How to learn to paint shadows
How to learn to paint shadows

It is necessary

  • - unfinished landscape or still life;
  • - pencil sketch of a classic vase;
  • - solid simple pencil;
  • - simple pencils of different hardness;
  • - paints, coal and other materials with which the beginning of work was carried out;
  • - reproductions of paintings and drawings with images of different types of chiaroscuro.

Instructions

Step 1

Consider a landscape that depicts a summer day in the forest. Note that the shadows are directed to one side. In their shape, they repeat trees and houses, but not quite accurately. The higher the sun is, the shorter the shadows. Try to depict them in your landscape. It is best if you depict a meadow on which several trees grow in a shape that you understand.

Step 2

Suppose you are drawing a meadow at noon. At this time, the shortest shadows. Think of where the sun is in the world you have drawn. Shadows will fall in the opposite direction from him. Show their direction with a few straight lines. Mark the length of the shadows. It can be anything, but it must be proportional to the height of the trees. Outlining the extreme points, sketch out the outlines. They should slightly resemble the outline of a tree.

Step 3

Try painting a few more landscapes that depict a garden or forest at a different time of the day. You can make several of the same sketches and try to convey the time of day solely with the length of the shadows. In any case, shadows in natural light fall in the same direction, and their center lines should be parallel to each other. They are approximately the same in color. If you are painting with pencils or watercolors, make the shadows slightly darker than the main tone of the surface on which they fall.

Step 4

Draw the shadows from the house on a winter night by the light of a lantern. They fall in different directions, some of them darker and others lighter. This is because a house can be illuminated not by one lantern, but by several. Light falls on him from the windows of neighboring houses, from the moon and stars. In this case, it is more important to convey not the exact outlines of each shadow, but their fantastic interweaving.

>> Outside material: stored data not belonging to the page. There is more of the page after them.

(* Let $W=I_2(m)$, $m\ge3$. Writing $X^{(m)}_{\alpha\ldots}=\sum_{w\in W}q_w\delta_w$ with $q_w\in\mathcal{Q}$, the coefficient $c^{(m-2)}_{\alpha,\beta}$ of $\delta^{(m-2)}_{\alpha\ldots}$ equals $$c^{(m-2)}_{\alpha,\beta}=\begin{cases}\ \ \upsilon^{(2)}_\alpha\,S^{(0,m-2)}_\alpha(y_\alpha y_\beta),& m\text{ even},\\ -\upsilon^{(2)}_\alpha\,S^{(0,m-2)}_\alpha(y_\alpha y_\beta),& m\text{ odd}.\end{cases}$$ Symmetrically (interchanging $\alpha$ and $\beta$), the coefficient $c^{(m-2)}_{\beta,\alpha}$ of $\delta^{(m-2)}_{\beta\ldots}$ in $X^{(m)}_{\beta\ldots}$ is given by the same formula with $\alpha$ and $\beta$ interchanged.
   Context: General setup: $W$ a finite real reflection group with root system $\Sigma$; $R$ an integral domain containing the ring $\mathcal{R}\subset\mathbb{R}$ generated by the coefficients of roots in the basis of simple roots; $F$ a one-dimensional commutative formal group law over $R$; $\mathcal{S}$ the formal root algebra (the quotient of the completed polynomial ring $R[[x_\lambda:\lambda\in\Lambda]]$, $\Lambda$ the lattice spanned by $\mathcal{R}$-multiples of roots, by the closed ideal generated by $x_0$ and the relations $x_{e_i\gamma+e_j\gamma'}=(e_ix_\gamma)+_F(e_jx_{\gamma'})$ for roots $\gamma,\gamma'$ and a fixed $\mathbb{Z}$-basis $(e_1=1,\dots,e_l)$ of $\mathcal{R}$), with $W$ acting by $w(x_\lambda)=x_{w(\lambda)}$; $\mathcal{Q}$ its localization at all $x_\gamma$; $\mathcal{Q}_W=\mathcal{Q}\otimes_RR[W]$ with left $\mathcal{Q}$-basis $\{\delta_w\}$ and product $(q\delta_w)(q'\delta_{w'})=q\,w(q')\delta_{ww'}$, $\mathbf 1=\delta_1$; $\delta_\gamma=\delta_{s_\gamma}$, $X_\gamma=\frac1{x_\gamma}(\mathbf 1-\delta_\gamma)$. Dihedral notation: $W=I_2(m)$, simple roots $\alpha,\beta$; $y_\gamma=1/x_\gamma\in\mathcal{Q}$; $W$ acts on products multiplicatively, e.g. $s(y_\alpha y_\beta)=s(y_\alpha)s(y_\beta)$, $s(y_\gamma)=y_{s(\gamma)}$. $X^{(i)}_{\alpha\ldots}=X_\alpha X_\beta X_\alpha\cdots$ ($i$ alternating factors), $X^{(i)}_{\beta\ldots}$, $\delta^{(i)}_{\alpha\ldots}=\delta_\alpha\delta_\beta\cdots$, $\delta^{(i)}_{\beta\ldots}$, $s^{(i)}_{\alpha\ldots}=s_\alpha s_\beta\cdots$, $s^{(i)}_{\beta\ldots}$ ($i$ factors; $i=0$ gives $\mathbf 1$ / identity). $\omega_j=\alpha$ for $j$ even, $\omega_j=\beta$ for $j$ odd. For $0\le i\le m-1$: $\upsilon^{(i)}_\alpha=\prod_{j=0}^{m-i-1}s^{(j)}_{\alpha\ldots}(y_{\omega_j})$ and $\upsilon^{(i)}_\beta=\prod_{j=0}^{m-i-1}s^{(j)}_{\beta\ldots}(y_{\omega_{j+1}})$ (empty product $=1$). For $i\le j$: $S^{(i,j)}_\alpha(u)=\sum_{k=i}^js^{(k)}_{\alpha\ldots}(u)$, $S^{(i,j)}_\beta(u)=\sum_{k=i}^js^{(k)}_{\beta\ldots}(u)$; an empty range ($j<i$) gives $0$. *)

From HB Require Import structures.
From mathcomp Require Import all_boot all_order all_algebra all_fingroup.
Set Implicit Arguments. Unset Strict Implicit. Unset Printing Implicit Defensive.
Import GRing.Theory.
Local Open Scope ring_scope.

Definition ring_action (W : finGroupType) (Q : comUnitRingType)
    (act : W -> Q -> Q) : Prop :=
  [/\ forall w a b, act w (a + b) = act w a + act w b,
      forall w a b, act w (a * b) = act w a * act w b,
      forall w, act w 1 = 1,
      forall a, act 1%g a = a
    & forall u v a, act (u * v)%g a = act u (act v a)].

(* The twisted group ring Q_W = Q (x) R[W]: an element sum_w q_w delta_w is
   the finite function w |-> q_w.  Product: (q d_u)(q' d_v) = q u(q') d_{uv}. *)
Definition QW (W : finGroupType) (Q : comUnitRingType) := {ffun W -> Q}.

Definition tmul (W : finGroupType) (Q : comUnitRingType) (act : W -> Q -> Q)
    (f g : QW W Q) : QW W Q :=
  [ffun w => \sum_(u : W) f u * act u (g (u^-1 * w)%g)].

Definition delta (W : finGroupType) (Q : comUnitRingType) (w0 : W) : QW W Q :=
  [ffun w => if w == w0 then 1 else 0].

Definition XX (W : finGroupType) (Q : comUnitRingType) (x : Q) (s : W) : QW W Q :=
  [ffun w => x^-1 * (delta Q 1%g w - delta Q s w)].

Fixpoint sword (W : finGroupType) (i : nat) (s t : W) : W :=
  if i is i'.+1 then (s * sword i' t s)%g else 1%g.

Fixpoint Xalt (W : finGroupType) (Q : comUnitRingType) (act : W -> Q -> Q)
    (i : nat) (xa xb : Q) (sa sb : W) : QW W Q :=
  if i is i'.+1 then tmul act (XX xa sa) (Xalt act i' xb xa sb sa)
  else delta Q 1%g.

Definition upsilon (W : finGroupType) (Q : comUnitRingType) (act : W -> Q -> Q)
    (m i : nat) (ys yt : Q) (s t : W) : Q :=
  \prod_(j < m - i) act (sword j s t) (if odd j then yt else ys).

(* S^{(i,j)}(u) = sum_{k=i}^{j} (s t s ...)^{(k)} (u); 0 if j < i *)
Definition Ssum (W : finGroupType) (Q : comUnitRingType) (act : W -> Q -> Q)
    (i j : nat) (s t : W) (u : Q) : Q :=
  \sum_(i <= k < j.+1) act (sword k s t) u.

From HB Require Import structures.
From mathcomp Require Import all_boot all_order all_algebra all_fingroup.
From mathcomp Require Import cyclic zify ring.
Import GRing.Theory.
Local Open Scope ring_scope.
Set Implicit Arguments. Unset Strict Implicit. Unset Printing Implicit Defensive.

(* The coefficient of delta_w in X_s X_t X_s ... (i factors) is computed by
   peeling off the leftmost factor: since X_s = x_s^-1 (1 - delta_s),
     coef_w (X_s Y) = x_s^-1 (coef_w Y - s (coef_{s^-1 w} Y)),
   where Y is the alternating product of length i - 1 starting with t.
   Two facts about the dihedral group generated by involutions s, t with
   st of order m >= 3 drive the computation:
   - normal forms: an alternating word of length k < m differs from every
     shorter alternating word, whichever letter that one starts with, and
   - support: the coefficients of an alternating product of length i live
     on alternating words of length <= i.
   Hence a product of length i < m - 1 starting with s has no component on
   the word (t s ...) of length i + 1, which kills one of the two terms of
   the recursion.
   Induction then gives, in order, the coefficient of a product of length i
   at its own word (a signed product of the y's), at the word of length
   i - 1 starting with the other letter, and finally at the word of length
   i - 2 starting with the same letter, which for i = m is Lemma 6.3.
   The file first develops the dihedral words (normal forms, distinctness),
   then the coefficient recursion and the three coefficient formulas, with
   upsilon^{(2)} appearing as the partial product yprod (m - 2). *)

Section DihedralWords.

Variable W : finGroupType.

Definition dihedral_gens (m : nat) (s t : W) : Prop :=
  [/\ (s * s = 1)%g, (t * t = 1)%g & #[(s * t)%g]%g = m].

Lemma dihedral_gensC m s t : dihedral_gens m s t -> dihedral_gens m t s.
Proof.
case=> hs ht ho; split=> //.
by rewrite -orderV invgM (mulg1_eq hs) (mulg1_eq ht).
Qed.

Lemma sword_normal (s t : W) j :
  sword j s t = ((s * t) ^+ j./2 * s ^+ odd j)%g.
Proof.
suff two_steps : sword j s t = ((s * t) ^+ j./2 * s ^+ odd j)%g /\
    sword j.+1 s t = ((s * t) ^+ j.+1./2 * s ^+ odd j.+1)%g by case: two_steps.
elim: j => [|j [IHj IHj1]]; first by rewrite /= expg0 expg1 !mul1g mulg1.
split=> //; rewrite [sword j.+2 s t]/= mulgA IHj /= negbK.
by rewrite mulgA -expgS.
Qed.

Try it with different shades of bluish or gray.

Step 5

Draw the shadow of a tree falling on the wall of the house on a winter night. Notice that the bottom of the shadow is on the ground and the top is on the wall of the building. They form a right or slightly pointed angle with each other. At the same time, the outlines of the tree almost exactly repeat not only its silhouette, but each branch is clearly visible.

Step 6

Having learned how to convey shadows from objects in landscapes, move on to classic still lifes. Try painting a white vase against a white drapery. The shape of objects in this case is conveyed exclusively by shadows. They can be portrayed in different ways. Points of the subject that are farther from the viewer appear darker. That is, the outline of the vase will be darker than its middle, which is directly in front of you.

Step 7

Try different types of shading. To convey the shape, the stroke direction corresponding to the contour is most often used. Apply heavy strokes around the edges of the image. The distances between them increase as you get closer to the center of the object. Of course, you don't need to measure anything with a ruler. Other directions of strokes are also possible - vertical, horizontal or oblique. The drapery is drawn in the same way. In this case, the strokes follow the shape of the folds.

Step 8

When you have the shape, paint in the shadow of the subject on the table and drapery. First, determine where your light source is. This can be seen from the figure. If the lightest spot is right in the middle, then the light source is right behind you. In this case, the shadow will be almost invisible. The viewer's eye captures only a tiny piece of it, and then on condition that the lower part of the object is very narrow. In any case, the shadow will fall in the direction opposite to the one where the light source is.